Provided information>
(* Let $F$ be a distribution on the nonnegative integers $\mathbf Z^+$ with unbounded support. Then $F\in\mathcal S_{\text{lattice}}(\hat\gamma)$ if and only if: (i) $\liminf_{x\to\infty}F\{x-1\}/F\{x\}\ge e^{\hat\gamma}$ (over integers $x$); and (ii) $F*F\{n\}\sim c\,F\{n\}$ as $n\to\infty$ for some $c\in(0,\infty)$.
   Context: $F\{n\}$ denotes the mass of $F$ at the point $n$. $\varphi(\gamma)=\sum_{n\ge0}e^{\gamma n}F\{n\}\in(0,\infty]$ and $\hat\gamma=\sup\{\gamma:\varphi(\gamma)<\infty\}$. For $\gamma\ge0$, a distribution $F$ on $\mathbf Z^+$ with unbounded support belongs to $\mathcal S_{\text{lattice}}(\gamma)$ if (i) $\varphi(\gamma)<\infty$; (ii) $F\{n+1\}/F\{n\}\to e^{-\gamma}$ as $n\to\infty$; (iii) $F*F\{n\}\sim 2\varphi(\gamma)F\{n\}$ as $n\to\infty$. *)

From mathcomp Require Import all_boot all_order all_algebra.
From mathcomp Require Import all_classical all_reals all_analysis.
Set Implicit Arguments. Unset Strict Implicit. Unset Printing Implicit Defensive.
Import Order.TTheory GRing.Theory Num.Theory.
Import numFieldNormedType.Exports.
Local Open Scope classical_set_scope.
Local Open Scope ring_scope.

Section Defs.
Variable R : realType.

Definition is_distrib (F : nat -> R) : Prop :=
  (forall n, 0 <= F n) /\ ((fun N => \sum_(0 <= k < N) F k) @ \oo --> (1 : R)).

Definition unbounded_support (F : nat -> R) : Prop :=
  forall N, exists n, (N <= n)%N /\ 0 < F n.

Definition lconv (F G : nat -> R) (n : nat) : R :=
  \sum_(i < n.+1) F i * G (n - i)%N.

Definition phi (F : nat -> R) (g : R) : \bar R :=
  (\sum_(0 <= n <oo) (expR (g * n%:R) * F n)%:E)%E.

Definition gamma_hat (F : nat -> R) : \bar R :=
  ereal_sup [set (g%:E)%E | g in [set g : R | (phi F g < +oo)%E]].

Definition asym_equiv (a b : nat -> R) : Prop :=
  (\forall n \near \oo, b n != 0) /\ ((fun n => a n / b n) @ \oo --> (1 : R)).

Definition S_lattice (g : R) (F : nat -> R) : Prop :=
  [/\ 0 <= g, unbounded_support F,
      (phi F g < +oo)%E,
      (fun n => F n.+1 / F n) @ \oo --> expR (- g)
    & asym_equiv (lconv F F) (fun n => 2 * fine (phi F g) * F n)].

End Defs.

From mathcomp Require Import all_boot all_order all_algebra.
From mathcomp Require Import all_classical all_reals all_analysis.
From mathcomp Require Import lra zify ring.
Set Implicit Arguments.
Unset Strict Implicit.
Unset Printing Implicit Defensive.
Import Order.TTheory GRing.Theory Num.Theory.
Import numFieldNormedType.Exports.
Local Open Scope classical_set_scope.
Local Open Scope ring_scope.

Exercise aim>
The answer must consist of every line from the entries that holds the string "Arguments".

Task result>
Set Implicit Arguments. Unset Strict Implicit. Unset Printing Implicit Defensive.
Set Implicit Arguments.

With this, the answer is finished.